Problem details:
Every line of the records that holds the word "bool" should be copied.

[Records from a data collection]
(* Let $\alpha>\sqrt2+1$. The expected runtime of the Metropolis algorithm with parameter $\alpha$ on $\mathrm{DLB}:\{0,1\}^n\to\mathbb{R}$ is at most $\frac{n^2}{C(\alpha)}$, where $C(\alpha)=\frac{2}{\alpha}\left(\frac12-2\sum_{k=1}^\infty k\alpha^{-2k}\right)$.
   Context: Let $n$ be an even positive integer. For $x\in\{0,1\}^n$ consider the blocks $(x_{2\ell+1},x_{2\ell+2})$, $\ell=0,\dots,\frac n2-1$. If $x\neq(1,\dots,1)$, let $m$ be the smallest $\ell$ with $x_{2\ell+1}\neq 1$ or $x_{2\ell+2}\neq 1$, and define $\mathrm{DLB}(x)=2m+1$ if $x_{2m+1}+x_{2m+2}=0$ and $\mathrm{DLB}(x)=2m$ if $x_{2m+1}+x_{2m+2}=1$; set $\mathrm{DLB}(1,\dots,1)=n$. The Metropolis algorithm with parameter $\alpha>1$ maximizing $f:\{0,1\}^n\to\mathbb{R}$: choose $x^{(0)}$ uniformly at random in $\{0,1\}^n$. In each iteration $t=1,2,\dots$, choose $i\in[1..n]$ uniformly at random and let $y$ be $x^{(t-1)}$ with the $i$-th bit flipped. If $f(y)\ge f(x^{(t-1)})$ set $x^{(t)}=y$; otherwise set $x^{(t)}=y$ with probability $\alpha^{f(y)-f(x^{(t-1)})}$ and $x^{(t)}=x^{(t-1)}$ otherwise. Each generated search point is evaluated; the runtime is the number of fitness evaluations until (and including) the first evaluation of an optimum of $f$. *)

From HB Require Import structures.
From mathcomp Require Import all_boot all_order all_algebra.
From mathcomp Require Import all_classical all_reals all_analysis.
Set Implicit Arguments. Unset Strict Implicit. Unset Printing Implicit Defensive.
Import Order.TTheory GRing.Theory Num.Theory.
Local Open Scope ring_scope.

(* Bit strings x = (x_1,...,x_n); coordinate x_{k+1} is [x (k : 'I_n)]. *)
Definition bits (n : nat) := {ffun 'I_n -> bool}.

(* 0-indexed bit access (x_{k+1} in the paper); false out of range. *)
Definition bitn (n : nat) (x : bits n) (k : nat) : bool :=
  if insub k is Some i then x i else false.

(* DLB: blocks (x_{2l+1}, x_{2l+2}) = (bitn x (2l), bitn x (2l+1)), l < n/2.
   m = smallest l whose block is not (1,1); if none, DLB = n. *)
Definition DLB (n : nat) (x : bits n) : nat :=
  let m := find (fun l => ~~ (bitn x l.*2 && bitn x l.*2.+1)) (iota 0 n./2) in
  if m == n./2 then n
  else if ~~ bitn x m.*2 && ~~ bitn x m.*2.+1 then m.*2.+1 else m.*2.

Definition flip (n : nat) (x : bits n) (i : 'I_n) : bits n :=
  [ffun j => if j == i then ~~ x j else x j].

Definition is_opt (R : realType) (n : nat) (f : bits n -> R) (x : bits n) : bool :=
  [forall y, f y <= f x].

Definition acc (R : realType) (alpha : R) (n : nat) (f : bits n -> R)
  (x y : bits n) : R :=
  if f x <= f y then 1 else alpha `^ (f y - f x).

(* surv alpha f t y = Pr[ x^(t) = y and none of the t+1 evaluated points
   x^(0), y^(1), ..., y^(t) (y^(s) = proposal of iteration s) is an optimum ]. *)
Fixpoint surv (R : realType) (alpha : R) (n : nat) (f : bits n -> R) (t : nat)
  (y : bits n) : R :=
  match t with
  | 0 => if is_opt f y then 0 else (#|{: bits n}|%:R)^-1
  | t'.+1 =>
      \sum_(x : bits n) surv alpha f t' x *
        \sum_(i : 'I_n) (n%:R)^-1 *
          (if is_opt f (flip x i) then 0
           else acc alpha f x (flip x i) * ((flip x i == y)%:R)
                + (1 - acc alpha f x (flip x i)) * ((x == y)%:R))
  end.

(* Expected runtime T (number of evaluations up to and including the first
   evaluation of an optimum), via E[T] = sum_{k>=0} Pr[T > k]:
   Pr[T > 0] = 1 and Pr[T > t+1] = sum_y surv t y. *)
Local Open Scope ereal_scope.
Definition expected_runtime (R : realType) (alpha : R) (n : nat)
  (f : bits n -> R) : \bar R :=
  (1 + \sum_(0 <= t <oo) ((\sum_(y : bits n) surv alpha f t y)%:E))%E.
Local Close Scope ereal_scope.

Definition Cconst (R : realType) (alpha : R) : R :=
  2 / alpha * (2^-1 - 2 * limn (fun N => \sum_(1 <= k < N) k%:R * alpha ^- (2 * k))).

(* Additive drift for a block potential.  Let m be the first block of x that is
   not 11; DLB x is 2m + 1 if this block is 00 and 2m if it holds a single one.
   Take g(v) = n/2 - v/2 - b [v even] for v < n and g(n) = 0, so 0 <= g <= n/2.
   Flips above block m do not change DLB.  A flip in block l < m sets DLB to 2l,
   is accepted with probability alpha^-(DLB x - 2l) and raises g by at most m - l,
   so the flips below m cost at most 2 S (2 S / alpha in the 00 case), where
   S = sum_k k alpha^-2k.  The two flips in block m gain 2 b / alpha (block 00)
   or at least 1 - 2 b (a single one).  With b = 1/4 + P/8, P = 1/2 - 2 S, the
   expected decrease of g per step is at least D / n, D = 5 P / (4 alpha), and
   P > 0 because alpha > 1 + sqrt 2 gives S <= q / (1 - q)^2 < 1/4 for
   q = alpha^-2.  Additive drift then bounds the expected runtime by
   1 + (n/2) / (D/n), and the factor 5/4 in D absorbs the 1. *)

From HB Require Import structures.
From mathcomp Require Import all_boot all_order all_algebra.
From mathcomp Require Import all_classical all_reals all_analysis.
From mathcomp Require Import zify ring lra.
Import Order.TTheory GRing.Theory Num.Theory numFieldNormedType.Exports.
Set Implicit Arguments. Unset Strict Implicit. Unset Printing Implicit Defensive.

Lemma find_iota_skip (a : pred nat) k m : m <= k -> (forall l, l < m -> ~~ a l) ->
  find a (iota 0 k) = m + find a (iota m (k - m)).
Proof.
move=> le_mk not_a; rewrite -{1}(subnKC le_mk) iotaD find_cat size_iota.
suff -> : has a (iota 0 m) = false by [].
by apply/hasP => -[l]; rewrite mem_iota => /andP[_ lt_lm]; apply/negP/not_a.
Qed.

Lemma find_iota_eq (a : pred nat) k m :
  m < k -> (forall l, l < m -> ~~ a l) -> a m -> find a (iota 0 k) = m.
Proof.
move=> lt_mk not_a a_m.
by rewrite (find_iota_skip (ltnW lt_mk) not_a) -(subnSK lt_mk) /= a_m addn0.
Qed.

Section DLBBlocks.
Variable n : nat.
Implicit Types (x : bits n) (e : bool).

Definition full_block x l := bitn x l.*2 && bitn x l.*2.+1.
Definition empty_block x l := ~~ bitn x l.*2 && ~~ bitn x l.*2.+1.

Lemma DLBE x : DLB x =
  let m := find (fun l => ~~ full_block x l) (iota 0 n./2) in
  if m == n./2 then n else m.*2 + empty_block x m.
Proof.
rewrite /DLB /=; set m := find _ _; case: (m == n./2) => //.
by rewrite /empty_block; case: (~~ bitn x m.*2 && _); rewrite ?addn0 ?addn1.
Qed.

Lemma DLB_first_bad x m : m < n./2 ->
    (forall l, l < m -> full_block x l) -> ~~ full_block x m ->
  DLB x = m.*2 + empty_block x m.
Proof.
move=> lt_m full_below bad_m; rewrite DLBE /=.
by rewrite (@find_iota_eq _ _ m) ?(ltn_eqF lt_m) // => l /full_below->.
Qed.

Lemma DLB_full_prefix x m : m <= n./2 -> (forall l, l < m -> full_block x l) ->
  DLB x = n \/ m.*2 <= DLB x.
Proof.
move=> le_m full_below; rewrite DLBE /=.
have : m <= find (fun l => ~~ full_block x l) (iota 0 n./2).
  by rewrite (find_iota_skip le_m) ?leq_addr // => l /full_below->.
by case: (_ == _) => le_mk; [left | right; rewrite -leq_double in le_mk; lia].
Qed.

Lemma DLB_cases x : DLB x = n \/
  exists2 m, m < n./2 & [/\ forall l, l < m -> full_block x l, ~~ full_block x m
                         & DLB x = m.*2 + empty_block x m].
Proof.
set a := fun l => ~~ full_block x l; have := find_size a (iota 0 n./2).
rewrite size_iota leq_eqVlt DLBE /= -/a => /orP[/eqP-> | lt_m]; first by left; rewrite eqxx.
right; exists (find a (iota 0 n./2)) => //; split; last by rewrite (ltn_eqF lt_m).
- move=> l lt_l; have := before_find 0 lt_l.
  by rewrite nth_iota ?(ltn_trans lt_l) // add0n => /negbFE.
- have := nth_find 0 (_ : has a (iota 0 n./2)); rewrite nth_iota // add0n; apply.
  by rewrite has_find size_iota.
Qed.

Lemma DLB_le x : DLB x <= n.
Proof. by have [-> // | [m lt_m [_ _ ->]]] := DLB_cases x; case: (empty_block x m); lia. Qed.

Lemma DLB_ones : DLB ([ffun => true] : bits n) = n.
Proof.
have bitn_ones k : bitn ([ffun => true] : bits n) k = (k < n).
  by rewrite /bitn; case: insubP => [j -> _|/negbTE//]; rewrite ffunE.
have [// | [m lt_m [_ + _]]] := DLB_cases [ffun => true].
by rewrite /full_block !bitn_ones; case: (ltnP m.*2 n); case: (ltnP m.*2.+1 n); lia.
Qed.

Definition flipn x q : bits n := [ffun j => (val j == q) (+) x j].

Lemma flipE x (i : 'I_n) : flip x i = flipn x i.
Proof. by apply/ffunP => j; rewrite !ffunE val_eqE; case: (j == i). Qed.

Lemma bitn_flipn x q k : q < n -> bitn (flipn x q) k = (k == q) (+) bitn x k.
Proof.
move=> lt_q; rewrite /bitn; case: insubP => [j _ <-|ge_k]; first by rewrite ffunE.
by case: eqP => // eq_kq; rewrite eq_kq lt_q in ge_k.
Qed.

Lemma bitn_flipn_even x l e l' : l.*2 + e < n ->
  bitn (flipn x (l.*2 + e)) l'.*2 = ((l' == l) && ~~ e) (+) bitn x l'.*2.
Proof. by move=> lt_q; rewrite bitn_flipn //; congr addb; case: e lt_q; lia. Qed.

Lemma bitn_flipn_odd x l e l' : l.*2 + e < n ->
  bitn (flipn x (l.*2 + e)) l'.*2.+1 = ((l' == l) && e) (+) bitn x l'.*2.+1.
Proof. by move=> lt_q; rewrite bitn_flipn //; congr addb; case: e lt_q; lia. Qed.

Lemma full_block_flipn_other x l e l' : l.*2 + e < n -> l' != l ->
  full_block (flipn x (l.*2 + e)) l' = full_block x l'.
Proof.
by move=> lt_q /negbTE ne_l; rewrite /full_block bitn_flipn_even ?bitn_flipn_odd ?ne_l.
Qed.

Lemma empty_block_flipn_other x l e l' : l.*2 + e < n -> l' != l ->
  empty_block (flipn x (l.*2 + e)) l' = empty_block x l'.
Proof.
by move=> lt_q /negbTE ne_l; rewrite /empty_block bitn_flipn_even ?bitn_flipn_odd ?ne_l.
Qed.

Lemma flipn_block_lt l e : l < n./2 -> l.*2 + e < n.
Proof. by case: e; lia. Qed.

Section FirstBadBlock.
Variables (x : bits n) (m : nat).
Hypotheses (lt_m : m < n./2) (full_below : forall l, l < m -> full_block x l).
Hypothesis bad_m : ~~ full_block x m.

Lemma DLB_flip_above l e : m < l < n./2 -> DLB (flipn x (l.*2 + e)) = DLB x.
Proof.
move=> /andP[lt_ml lt_l]; have lt_q := flipn_block_lt e lt_l.
have same l' : l' <= m -> full_block (flipn x (l.*2 + e)) l' = full_block x l'
                         /\ empty_block (flipn x (l.*2 + e)) l' = empty_block x l'.
  by move=> le_l'; rewrite full_block_flipn_other ?empty_block_flipn_other //; apply/eqP; lia.
rewrite (DLB_first_bad lt_m full_below bad_m) (@DLB_first_bad _ m) //.
- by rewrite (same m (leqnn m)).2.
- by move=> l' lt_l'; rewrite (same l' (ltnW lt_l')).1 full_below.
- by rewrite (same m (leqnn m)).1.
Qed.

Lemma DLB_flip_below l e : l < m -> DLB (flipn x (l.*2 + e)) = l.*2.
Proof.
move=> lt_lm; have lt_l := ltn_trans lt_lm lt_m; have lt_q := flipn_block_lt e lt_l.
have /andP[b0 b1] := full_below lt_lm.
rewrite (@DLB_first_bad _ l) //.
- rewrite /empty_block bitn_flipn_even ?bitn_flipn_odd // eqxx b0 b1.
  by case: e lt_q => _ /=; rewrite addn0.
- move=> l' lt_l'; rewrite (full_block_flipn_other _ lt_q) ?(ltn_eqF lt_l') //.
  exact/full_below/(ltn_trans lt_l').
- by rewrite /full_block bitn_flipn_even ?bitn_flipn_odd // eqxx b0 b1; case: e lt_q.
Qed.

Lemma full_below_flipn_block e l : l < m -> full_block (flipn x (m.*2 + e)) l.
Proof.
move=> lt_lm; rewrite full_block_flipn_other ?full_below ?flipn_block_lt //.
by rewrite ltn_eqF.
Qed.

Lemma DLB_flip_empty e : empty_block x m -> DLB (flipn x (m.*2 + e)) = m.*2.
Proof.
move=> empty_m; have lt_q := flipn_block_lt e lt_m.
rewrite (DLB_first_bad lt_m (full_below_flipn_block e)).
all: move: empty_m; rewrite /full_block /empty_block.
all: rewrite !bitn_flipn_even ?bitn_flipn_odd // eqxx.
all: case: e lt_q => _; case: (bitn x m.*2); case: (bitn x m.*2.+1) => //= _.
all: by rewrite addn0.
Qed.

Lemma DLB_flip_one e : bitn x (m.*2 + e) -> DLB (flipn x (m.*2 + e)) = m.*2.+1.
Proof.
move=> one; have lt_q := flipn_block_lt e lt_m.
rewrite (DLB_first_bad lt_m (full_below_flipn_block e)).
all: move: one bad_m; rewrite /full_block /empty_block.
all: rewrite !bitn_flipn_even ?bitn_flipn_odd // eqxx.
all: case: e lt_q => _; rewrite ?addn0 ?addn1.
all: by case: (bitn x m.*2); case: (bitn x m.*2.+1) => //= _ _; rewrite addn1.
Qed.

Lemma DLB_flip_zero e : ~~ bitn x (m.*2 + e) -> ~~ empty_block x m ->
  DLB (flipn x (m.*2 + e)) = n \/ (m.+1).*2 <= DLB (flipn x (m.*2 + e)).
Proof.
move=> zero nonempty; have lt_q := flipn_block_lt e lt_m.
apply: DLB_full_prefix => // l; rewrite ltnS leq_eqVlt => /orP[/eqP-> | ]; last first.
  exact: full_below_flipn_block.
move: zero nonempty bad_m; rewrite /full_block /empty_block.
rewrite !bitn_flipn_even ?bitn_flipn_odd // eqxx.
by case: e lt_q => _; rewrite ?addn0 ?addn1; case: (bitn x m.*2); case: (bitn x m.*2.+1).
Qed.

End FirstBadBlock.
End DLBBlocks.

Section AdditiveDrift.
Variables (R : realType) (alpha : R) (n : nat) (f : bits n -> R).
Local Open Scope ring_scope.
Hypothesis alpha_ge1 : 1 <= alpha.

(* The chance that a step from [x] proposing [z] ends in [y]; the mass that
   evaluates an optimum is dropped, as in [surv]. *)
Definition move_prob (x z y : bits n) : R :=
  if is_opt f z then 0
  else acc alpha f x z * (z == y)%:R + (1 - acc alpha f x z) * (x == y)%:R.

Definition step_prob (x y : bits n) : R :=
  \sum_(i < n) n%:R^-1 * move_prob x (flip x i) y.

Lemma survS t y : surv alpha f t.+1 y = \sum_x surv alpha f t x * step_prob x y.
Proof. by []. Qed.

Lemma acc_opt x y : is_opt f y -> acc alpha f x y = 1.
Proof. by move=> /forallP/(_ x) fxy; rewrite /acc fxy. Qed.

Lemma acc_ge0 x y : 0 <= acc alpha f x y.
Proof. by rewrite /acc; case: ifP => _; rewrite ?ler01 ?powR_ge0. Qed.

Lemma acc_le1 x y : acc alpha f x y <= 1.
Proof.
rewrite /acc; case: ifPn => [_|fyx]; first exact: lexx.
by rewrite -(powRr0 alpha) ler_powR // subr_le0 ltW // ltNge.
Qed.

Lemma move_prob_ge0 x z y : 0 <= move_prob x z y.
Proof.
rewrite /move_prob; case: ifP => _ //.
by rewrite addr_ge0 ?mulr_ge0 ?acc_ge0 ?subr_ge0 ?acc_le1.
Qed.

Finished exercise:
Definition bits (n : nat) := {ffun 'I_n -> bool}.
Definition bitn (n : nat) (x : bits n) (k : nat) : bool :=
Definition is_opt (R : realType) (n : nat) (f : bits n -> R) (x : bits n) : bool :=
Implicit Types (x : bits n) (e : bool).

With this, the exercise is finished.